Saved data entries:
—————
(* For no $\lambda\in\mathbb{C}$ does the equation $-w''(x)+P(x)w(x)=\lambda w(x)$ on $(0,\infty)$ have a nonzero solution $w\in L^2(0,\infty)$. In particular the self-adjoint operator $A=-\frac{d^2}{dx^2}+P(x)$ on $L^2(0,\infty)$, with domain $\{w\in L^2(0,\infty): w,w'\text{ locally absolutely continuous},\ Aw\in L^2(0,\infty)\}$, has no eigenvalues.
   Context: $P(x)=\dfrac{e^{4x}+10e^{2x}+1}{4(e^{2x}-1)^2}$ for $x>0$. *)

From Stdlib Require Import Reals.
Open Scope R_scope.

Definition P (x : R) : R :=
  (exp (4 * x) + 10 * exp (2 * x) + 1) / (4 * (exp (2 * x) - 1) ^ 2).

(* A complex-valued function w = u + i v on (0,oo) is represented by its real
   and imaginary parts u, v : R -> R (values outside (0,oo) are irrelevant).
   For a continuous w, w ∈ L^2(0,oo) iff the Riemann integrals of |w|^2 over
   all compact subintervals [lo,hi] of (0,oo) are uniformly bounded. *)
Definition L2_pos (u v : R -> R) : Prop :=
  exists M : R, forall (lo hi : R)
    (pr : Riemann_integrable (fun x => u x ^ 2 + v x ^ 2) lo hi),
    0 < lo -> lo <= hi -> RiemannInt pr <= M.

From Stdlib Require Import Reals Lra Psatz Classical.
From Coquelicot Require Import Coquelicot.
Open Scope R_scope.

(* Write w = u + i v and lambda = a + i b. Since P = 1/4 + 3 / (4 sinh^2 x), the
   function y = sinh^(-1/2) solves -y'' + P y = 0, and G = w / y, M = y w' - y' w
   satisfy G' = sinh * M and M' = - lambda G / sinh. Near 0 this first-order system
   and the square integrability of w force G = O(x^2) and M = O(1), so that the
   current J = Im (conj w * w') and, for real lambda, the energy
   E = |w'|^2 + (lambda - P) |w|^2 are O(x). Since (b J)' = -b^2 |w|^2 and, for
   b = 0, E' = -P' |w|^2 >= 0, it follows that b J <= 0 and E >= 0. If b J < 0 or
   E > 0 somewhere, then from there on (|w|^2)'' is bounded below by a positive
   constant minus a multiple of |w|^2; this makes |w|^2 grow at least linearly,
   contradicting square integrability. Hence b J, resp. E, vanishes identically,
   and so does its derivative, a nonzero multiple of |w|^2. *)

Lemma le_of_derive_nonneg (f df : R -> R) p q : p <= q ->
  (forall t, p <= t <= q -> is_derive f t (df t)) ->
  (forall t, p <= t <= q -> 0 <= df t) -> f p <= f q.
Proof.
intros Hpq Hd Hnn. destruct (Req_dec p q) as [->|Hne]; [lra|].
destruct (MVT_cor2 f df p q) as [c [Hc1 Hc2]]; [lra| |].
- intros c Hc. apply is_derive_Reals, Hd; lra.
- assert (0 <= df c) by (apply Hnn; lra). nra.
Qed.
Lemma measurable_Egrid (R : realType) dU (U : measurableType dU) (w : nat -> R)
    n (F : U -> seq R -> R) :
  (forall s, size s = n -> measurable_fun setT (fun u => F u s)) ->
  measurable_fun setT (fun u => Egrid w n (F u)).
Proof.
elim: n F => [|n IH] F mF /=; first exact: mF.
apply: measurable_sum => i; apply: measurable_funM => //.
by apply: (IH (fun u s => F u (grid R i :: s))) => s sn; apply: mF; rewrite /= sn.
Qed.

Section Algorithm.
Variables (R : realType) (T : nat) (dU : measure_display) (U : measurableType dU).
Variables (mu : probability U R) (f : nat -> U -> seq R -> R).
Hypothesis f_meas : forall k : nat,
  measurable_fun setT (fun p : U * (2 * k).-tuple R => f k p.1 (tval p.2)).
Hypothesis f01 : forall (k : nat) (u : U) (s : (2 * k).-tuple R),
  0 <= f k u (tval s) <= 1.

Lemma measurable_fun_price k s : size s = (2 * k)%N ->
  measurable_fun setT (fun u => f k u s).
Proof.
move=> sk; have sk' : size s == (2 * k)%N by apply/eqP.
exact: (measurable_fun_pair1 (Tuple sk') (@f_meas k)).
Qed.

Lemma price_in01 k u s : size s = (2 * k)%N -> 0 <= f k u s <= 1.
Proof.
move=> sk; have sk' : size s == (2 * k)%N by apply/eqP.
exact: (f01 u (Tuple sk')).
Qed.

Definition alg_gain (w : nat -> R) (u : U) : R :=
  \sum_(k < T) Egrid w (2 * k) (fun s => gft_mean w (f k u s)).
—————
- _Your objective_
Beginning at the first line of the data above, retype each line until you reach the line containing "From Stdlib Require Import Reals Lra", and include that one too. Add nothing else.

- _Answer space_
(* For no $\lambda\in\mathbb{C}$ does the equation $-w''(x)+P(x)w(x)=\lambda w(x)$ on $(0,\infty)$ have a nonzero solution $w\in L^2(0,\infty)$. In particular the self-adjoint operator $A=-\frac{d^2}{dx^2}+P(x)$ on $L^2(0,\infty)$, with domain $\{w\in L^2(0,\infty): w,w'\text{ locally absolutely continuous},\ Aw\in L^2(0,\infty)\}$, has no eigenvalues.
   Context: $P(x)=\dfrac{e^{4x}+10e^{2x}+1}{4(e^{2x}-1)^2}$ for $x>0$. *)

From Stdlib Require Import Reals.
Open Scope R_scope.

Definition P (x : R) : R :=
  (exp (4 * x) + 10 * exp (2 * x) + 1) / (4 * (exp (2 * x) - 1) ^ 2).

(* A complex-valued function w = u + i v on (0,oo) is represented by its real
   and imaginary parts u, v : R -> R (values outside (0,oo) are irrelevant).
   For a continuous w, w ∈ L^2(0,oo) iff the Riemann integrals of |w|^2 over
   all compact subintervals [lo,hi] of (0,oo) are uniformly bounded. *)
Definition L2_pos (u v : R -> R) : Prop :=
  exists M : R, forall (lo hi : R)
    (pr : Riemann_integrable (fun x => u x ^ 2 + v x ^ 2) lo hi),
    0 < lo -> lo <= hi -> RiemannInt pr <= M.

From Stdlib Require Import Reals Lra Psatz Classical.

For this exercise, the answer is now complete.